The pseudo code for the service.process(request); `public synchronized void download(Request request) { log.info("blabla1"); log.info("blabla2"); log.info("blabla3");
var job = jobsRepo.get(request.id()); if(job.isEmpty() { log.error("bla-bla") return }
jobsRepo.updateStatus(request.id, State.IN_PROGRESS);
if(hasCached(request.payload)) { jobsRepo.updateStatus(request.id, State.COMPLETED); return; }
//continuing as first time. Never called in the context of the discussion. } `
I used synchronized to make sure the critical resource was not used in parallel otherwise it failed (running Chrome instance through Selenium). And, to be precise, I don't see any "blabla1, blabla2, blabla3" in the logs which means service.process() is not even starting.
P. S. Extra try confirmed that the listener works chaotically. For a while, with no restart, the locally running consumer started to process the messages but after some time started ignoring them again... P. P. S Tried even without that synchronized keyword, no changes.

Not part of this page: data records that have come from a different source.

(* Let the alphabet be countable, $\mu$ a probability on sentences, and $\varphi$ a formula having a single free variable $x$ of type $\alpha$. Let $t_1,t_2,\dots$ be an enumeration of all closed terms of type $\alpha$. Then (1) $\sup_{\{s_1,\dots,s_n\}}\mu(\bigvee_{i=1}^n\varphi\{x/s_i\})=\lim_{n\to\infty}\mu(\bigvee_{i=1}^n\varphi\{x/t_i\})$, and (2) $\inf_{\{s_1,\dots,s_n\}}\mu(\bigwedge_{i=1}^n\varphi\{x/s_i\})=\lim_{n\to\infty}\mu(\bigwedge_{i=1}^n\varphi\{x/t_i\})$, where on the left-hand sides $\{s_1,\dots,s_n\}$ ranges over all finite sets of closed terms of type $\alpha$.
   Context: Setting: higher-order logic (Church's simple theory of types), with Henkin semantics; an alphabet is countable if its set of constants is countable. Formulas are terms of type $o$, sentences closed formulas; $\mathcal S$ is the set of sentences; $\varphi\{x/t\}$ denotes substitution of $t$ for the free occurrences of $x$. A sentence is valid if true in every interpretation. A probability on sentences is a non-negative $\mu:\mathcal S\to\mathbb R$ with $\mu(\varphi)=1$ for valid $\varphi$ and $\mu(\varphi\vee\psi)=\mu(\varphi)+\mu(\psi)$ whenever $\neg(\varphi\wedge\psi)$ is valid. *)

From Stdlib Require Import Reals List ClassicalEpsilon.
Import ListNotations.
Open Scope R_scope.

Set Implicit Arguments.

(** Simple types over a set [B] of base types; [TyO] is the type o of truth values. *)
Inductive ty (B : Type) : Type :=
| TyBase : B -> ty B
| TyO : ty B
| TyArr : ty B -> ty B -> ty B.
Arguments TyO {B}.

(** Raw terms (Church style: variables are pairs (name, type)).
    [C] is the set of (non-logical) constants of the alphabet. *)
Inductive term (B C : Type) : Type :=
| TmVar : nat -> ty B -> term B C
| TmCon : C -> term B C
| TmApp : term B C -> term B C -> term B C
| TmAbs : nat -> ty B -> term B C -> term B C
| TmNot : term B C -> term B C
| TmAnd : term B C -> term B C -> term B C
| TmOr  : term B C -> term B C -> term B C
| TmAll : nat -> ty B -> term B C -> term B C
| TmEx  : nat -> ty B -> term B C -> term B C
| TmEq  : term B C -> term B C -> term B C.
Arguments TmCon {B C}.

Section Syntax.
Variables (B C : Type) (ctype : C -> ty B).

Inductive has_type : term B C -> ty B -> Prop :=
| HT_Var : forall y b, has_type (TmVar C y b) b
| HT_Con : forall c, has_type (TmCon c) (ctype c)
| HT_App : forall t u a b, has_type t (TyArr a b) -> has_type u a ->
    has_type (TmApp t u) b
| HT_Abs : forall y a t b, has_type t b -> has_type (TmAbs y a t) (TyArr a b)
| HT_Not : forall t, has_type t TyO -> has_type (TmNot t) TyO
| HT_And : forall t u, has_type t TyO -> has_type u TyO -> has_type (TmAnd t u) TyO
| HT_Or  : forall t u, has_type t TyO -> has_type u TyO -> has_type (TmOr t u) TyO
| HT_All : forall y a t, has_type t TyO -> has_type (TmAll y a t) TyO
| HT_Ex  : forall y a t, has_type t TyO -> has_type (TmEx y a t) TyO
| HT_Eq  : forall t u a, has_type t a -> has_type u a -> has_type (TmEq t u) TyO.

Fixpoint free_in (x : nat) (a : ty B) (t : term B C) : Prop :=
  match t with
  | TmVar _ y b => x = y /\ a = b
  | TmCon _ => False
  | TmApp t u => free_in x a t \/ free_in x a u
  | TmAbs y b t => ~ (x = y /\ a = b) /\ free_in x a t
  | TmNot t => free_in x a t
  | TmAnd t u => free_in x a t \/ free_in x a u
  | TmOr t u => free_in x a t \/ free_in x a u
  | TmAll y b t => ~ (x = y /\ a = b) /\ free_in x a t
  | TmEx y b t => ~ (x = y /\ a = b) /\ free_in x a t
  | TmEq t u => free_in x a t \/ free_in x a u
  end.

Definition closed (t : term B C) : Prop := forall x a, ~ free_in x a t.

Definition closed_term_of (t : term B C) (a : ty B) : Prop :=
  has_type t a /\ closed t.

Definition sentence (t : term B C) : Prop := closed_term_of t TyO.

The issue was sort of resolved when I created and switched to one more SQS queue with the same settings. It needs more time for observation.
Hi @Sarkhad.
The logs seem normal - it's acquiring and releasing permits as expected.
Would you mind removing the synchronized block and removing the critical resource from the logic to see if you still have the issue?
Please also set AbstractMessageProcessingPipelineSink logs to TRACE.
Thanks.
@Sarkhad, I've created an integration test to assert consumption for one message at a time is working as expected.
From the code and logs you provided, it seems very likely you're having an issue due to synchronization.
I'll close this issue since it's been 2 weeks without feedback.
If you can create a sample project the reproduces the issue or provide logs indicating the framework is misbehaving we can reopen it.
Thanks.